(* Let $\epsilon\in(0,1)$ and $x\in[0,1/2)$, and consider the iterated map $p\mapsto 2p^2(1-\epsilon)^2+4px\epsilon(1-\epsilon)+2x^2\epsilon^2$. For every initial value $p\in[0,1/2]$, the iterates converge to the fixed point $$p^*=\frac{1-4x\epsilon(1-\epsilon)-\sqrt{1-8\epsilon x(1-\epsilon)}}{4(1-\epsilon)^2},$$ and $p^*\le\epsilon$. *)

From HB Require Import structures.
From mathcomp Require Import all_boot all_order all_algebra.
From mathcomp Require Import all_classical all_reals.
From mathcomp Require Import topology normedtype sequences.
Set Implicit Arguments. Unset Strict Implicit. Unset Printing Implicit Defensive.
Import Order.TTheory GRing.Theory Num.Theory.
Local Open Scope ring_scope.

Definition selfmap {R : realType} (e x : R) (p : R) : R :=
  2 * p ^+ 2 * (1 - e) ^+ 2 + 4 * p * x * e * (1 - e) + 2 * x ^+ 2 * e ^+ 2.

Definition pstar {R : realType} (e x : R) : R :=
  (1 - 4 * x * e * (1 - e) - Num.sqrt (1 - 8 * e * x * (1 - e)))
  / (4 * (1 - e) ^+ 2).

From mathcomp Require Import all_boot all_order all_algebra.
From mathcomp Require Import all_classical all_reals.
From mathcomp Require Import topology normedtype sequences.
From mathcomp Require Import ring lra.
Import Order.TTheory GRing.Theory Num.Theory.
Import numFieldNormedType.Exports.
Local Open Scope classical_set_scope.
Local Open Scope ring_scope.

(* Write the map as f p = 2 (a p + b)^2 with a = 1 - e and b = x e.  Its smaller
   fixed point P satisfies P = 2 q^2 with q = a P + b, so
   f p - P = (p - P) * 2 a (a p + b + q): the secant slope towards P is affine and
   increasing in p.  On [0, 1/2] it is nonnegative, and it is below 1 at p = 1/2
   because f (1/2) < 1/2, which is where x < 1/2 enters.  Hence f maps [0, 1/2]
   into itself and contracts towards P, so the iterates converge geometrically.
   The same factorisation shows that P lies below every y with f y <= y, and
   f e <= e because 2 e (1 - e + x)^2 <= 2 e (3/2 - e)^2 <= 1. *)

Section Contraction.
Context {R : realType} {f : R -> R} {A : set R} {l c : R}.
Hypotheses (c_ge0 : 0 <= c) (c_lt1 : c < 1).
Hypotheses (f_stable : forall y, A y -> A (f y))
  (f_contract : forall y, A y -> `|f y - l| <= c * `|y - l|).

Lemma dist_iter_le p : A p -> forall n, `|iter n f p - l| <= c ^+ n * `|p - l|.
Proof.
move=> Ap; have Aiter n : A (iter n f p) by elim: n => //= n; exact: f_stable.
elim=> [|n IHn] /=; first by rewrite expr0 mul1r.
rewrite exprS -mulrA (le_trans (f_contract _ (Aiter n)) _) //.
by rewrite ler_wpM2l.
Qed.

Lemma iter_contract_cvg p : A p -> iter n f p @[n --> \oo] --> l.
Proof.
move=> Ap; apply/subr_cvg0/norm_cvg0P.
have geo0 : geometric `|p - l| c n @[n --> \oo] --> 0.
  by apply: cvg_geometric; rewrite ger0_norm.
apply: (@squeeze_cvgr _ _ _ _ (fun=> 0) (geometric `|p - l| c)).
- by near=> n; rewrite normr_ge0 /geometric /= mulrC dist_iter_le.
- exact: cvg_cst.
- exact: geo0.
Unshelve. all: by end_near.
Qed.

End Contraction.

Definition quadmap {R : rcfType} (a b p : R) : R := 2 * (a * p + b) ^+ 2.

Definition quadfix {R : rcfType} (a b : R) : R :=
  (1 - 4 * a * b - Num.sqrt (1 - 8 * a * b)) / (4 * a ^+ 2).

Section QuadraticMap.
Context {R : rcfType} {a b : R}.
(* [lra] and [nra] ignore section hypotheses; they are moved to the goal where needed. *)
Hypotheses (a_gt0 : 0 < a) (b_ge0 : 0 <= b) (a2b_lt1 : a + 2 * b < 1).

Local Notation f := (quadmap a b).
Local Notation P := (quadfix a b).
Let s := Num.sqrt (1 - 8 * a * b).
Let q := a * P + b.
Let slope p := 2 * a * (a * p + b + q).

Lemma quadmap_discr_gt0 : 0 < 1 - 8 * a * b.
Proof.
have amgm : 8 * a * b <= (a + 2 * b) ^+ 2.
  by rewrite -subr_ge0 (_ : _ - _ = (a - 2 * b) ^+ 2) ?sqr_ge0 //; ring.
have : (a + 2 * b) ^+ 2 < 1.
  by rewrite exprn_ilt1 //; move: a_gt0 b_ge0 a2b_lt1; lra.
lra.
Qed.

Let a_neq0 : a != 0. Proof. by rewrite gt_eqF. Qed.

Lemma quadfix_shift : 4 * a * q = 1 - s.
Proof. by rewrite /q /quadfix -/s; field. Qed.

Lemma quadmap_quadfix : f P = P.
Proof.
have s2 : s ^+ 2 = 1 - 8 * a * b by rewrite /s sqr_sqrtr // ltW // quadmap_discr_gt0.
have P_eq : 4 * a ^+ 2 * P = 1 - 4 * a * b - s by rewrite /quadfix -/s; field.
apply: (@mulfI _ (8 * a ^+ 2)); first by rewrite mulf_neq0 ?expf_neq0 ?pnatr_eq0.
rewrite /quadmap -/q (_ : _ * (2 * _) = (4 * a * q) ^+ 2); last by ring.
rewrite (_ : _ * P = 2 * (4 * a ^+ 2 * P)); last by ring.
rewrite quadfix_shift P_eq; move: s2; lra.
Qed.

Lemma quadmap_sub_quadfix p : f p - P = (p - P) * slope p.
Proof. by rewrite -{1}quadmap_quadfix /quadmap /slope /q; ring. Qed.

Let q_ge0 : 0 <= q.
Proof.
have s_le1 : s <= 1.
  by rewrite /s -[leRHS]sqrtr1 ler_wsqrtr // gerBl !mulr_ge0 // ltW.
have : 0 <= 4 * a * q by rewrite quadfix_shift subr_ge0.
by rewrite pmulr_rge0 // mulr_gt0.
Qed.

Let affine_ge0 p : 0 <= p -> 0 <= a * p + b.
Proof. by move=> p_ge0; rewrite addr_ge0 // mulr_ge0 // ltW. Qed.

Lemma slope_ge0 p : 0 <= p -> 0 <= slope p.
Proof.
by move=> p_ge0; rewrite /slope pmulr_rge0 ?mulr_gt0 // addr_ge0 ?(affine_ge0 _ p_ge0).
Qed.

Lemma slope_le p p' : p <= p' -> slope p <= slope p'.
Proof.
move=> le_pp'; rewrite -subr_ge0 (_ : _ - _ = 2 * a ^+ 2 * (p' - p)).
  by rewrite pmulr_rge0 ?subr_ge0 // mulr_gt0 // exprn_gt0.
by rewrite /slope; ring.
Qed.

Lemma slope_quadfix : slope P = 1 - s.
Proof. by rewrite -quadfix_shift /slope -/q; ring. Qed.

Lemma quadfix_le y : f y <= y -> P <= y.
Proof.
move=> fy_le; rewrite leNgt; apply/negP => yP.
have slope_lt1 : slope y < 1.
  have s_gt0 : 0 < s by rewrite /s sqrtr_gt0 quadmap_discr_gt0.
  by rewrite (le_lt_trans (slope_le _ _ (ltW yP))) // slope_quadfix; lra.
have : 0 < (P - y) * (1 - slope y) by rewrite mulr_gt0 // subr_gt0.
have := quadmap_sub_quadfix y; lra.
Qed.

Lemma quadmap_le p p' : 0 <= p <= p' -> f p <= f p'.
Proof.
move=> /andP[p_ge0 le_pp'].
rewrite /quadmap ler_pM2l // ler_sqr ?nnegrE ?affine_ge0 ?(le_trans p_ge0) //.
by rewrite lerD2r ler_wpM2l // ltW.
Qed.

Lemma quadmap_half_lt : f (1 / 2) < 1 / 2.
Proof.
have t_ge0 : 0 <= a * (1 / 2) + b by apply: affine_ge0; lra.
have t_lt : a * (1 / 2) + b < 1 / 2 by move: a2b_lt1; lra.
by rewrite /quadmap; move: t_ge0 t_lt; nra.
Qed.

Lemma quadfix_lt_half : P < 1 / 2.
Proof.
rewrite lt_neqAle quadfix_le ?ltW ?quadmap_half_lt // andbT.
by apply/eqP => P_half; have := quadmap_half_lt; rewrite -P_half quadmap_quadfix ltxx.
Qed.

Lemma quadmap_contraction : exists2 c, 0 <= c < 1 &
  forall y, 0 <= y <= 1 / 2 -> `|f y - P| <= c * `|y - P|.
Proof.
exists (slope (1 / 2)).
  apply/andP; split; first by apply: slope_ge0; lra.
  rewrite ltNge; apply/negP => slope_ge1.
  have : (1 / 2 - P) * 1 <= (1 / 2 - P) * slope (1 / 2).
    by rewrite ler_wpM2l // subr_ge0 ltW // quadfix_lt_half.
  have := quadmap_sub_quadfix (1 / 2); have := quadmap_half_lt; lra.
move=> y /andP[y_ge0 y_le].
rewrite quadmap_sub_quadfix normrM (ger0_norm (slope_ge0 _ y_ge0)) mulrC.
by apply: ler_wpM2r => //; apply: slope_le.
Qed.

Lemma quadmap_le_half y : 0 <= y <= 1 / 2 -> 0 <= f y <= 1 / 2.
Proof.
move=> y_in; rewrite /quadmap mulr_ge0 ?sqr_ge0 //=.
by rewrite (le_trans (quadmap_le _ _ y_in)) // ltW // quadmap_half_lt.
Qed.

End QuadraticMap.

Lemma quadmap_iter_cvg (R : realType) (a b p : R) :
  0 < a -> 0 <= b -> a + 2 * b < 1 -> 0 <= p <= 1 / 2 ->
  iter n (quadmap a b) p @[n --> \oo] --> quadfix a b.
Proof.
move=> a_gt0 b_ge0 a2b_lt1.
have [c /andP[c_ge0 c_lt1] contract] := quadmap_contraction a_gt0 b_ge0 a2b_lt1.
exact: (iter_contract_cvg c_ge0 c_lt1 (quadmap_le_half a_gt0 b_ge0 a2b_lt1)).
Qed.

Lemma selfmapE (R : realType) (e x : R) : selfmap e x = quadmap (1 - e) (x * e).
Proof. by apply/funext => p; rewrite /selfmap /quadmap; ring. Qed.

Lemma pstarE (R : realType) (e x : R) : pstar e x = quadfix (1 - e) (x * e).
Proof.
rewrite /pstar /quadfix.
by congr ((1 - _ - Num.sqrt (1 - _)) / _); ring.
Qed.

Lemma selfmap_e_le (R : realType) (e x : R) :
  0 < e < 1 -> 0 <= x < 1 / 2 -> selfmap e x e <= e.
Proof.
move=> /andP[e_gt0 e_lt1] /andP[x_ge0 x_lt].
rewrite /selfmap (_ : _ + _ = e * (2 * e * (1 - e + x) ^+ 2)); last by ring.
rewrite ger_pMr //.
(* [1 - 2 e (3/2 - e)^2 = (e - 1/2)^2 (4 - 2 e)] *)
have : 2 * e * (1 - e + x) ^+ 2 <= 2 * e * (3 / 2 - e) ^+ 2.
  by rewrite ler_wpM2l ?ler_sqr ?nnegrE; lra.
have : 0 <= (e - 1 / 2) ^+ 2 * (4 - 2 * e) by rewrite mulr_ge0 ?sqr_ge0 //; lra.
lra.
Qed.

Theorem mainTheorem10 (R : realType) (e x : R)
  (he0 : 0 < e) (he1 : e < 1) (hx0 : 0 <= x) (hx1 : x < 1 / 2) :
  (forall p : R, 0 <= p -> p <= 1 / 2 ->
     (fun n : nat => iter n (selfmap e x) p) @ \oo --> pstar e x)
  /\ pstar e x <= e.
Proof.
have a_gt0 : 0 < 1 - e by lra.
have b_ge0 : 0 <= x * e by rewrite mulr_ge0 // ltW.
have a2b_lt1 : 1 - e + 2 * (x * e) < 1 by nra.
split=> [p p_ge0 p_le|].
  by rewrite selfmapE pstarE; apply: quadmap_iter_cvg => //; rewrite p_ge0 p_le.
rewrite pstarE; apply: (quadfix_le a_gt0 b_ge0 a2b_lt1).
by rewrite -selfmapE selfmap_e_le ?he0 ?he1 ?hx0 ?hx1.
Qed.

* _What to work on_:
Copy each line above containing the string "Local".

* _Written solution_:
Local Open Scope ring_scope.
Local Open Scope classical_set_scope.
Local Open Scope ring_scope.
Local Notation f := (quadmap a b).
Local Notation P := (quadfix a b).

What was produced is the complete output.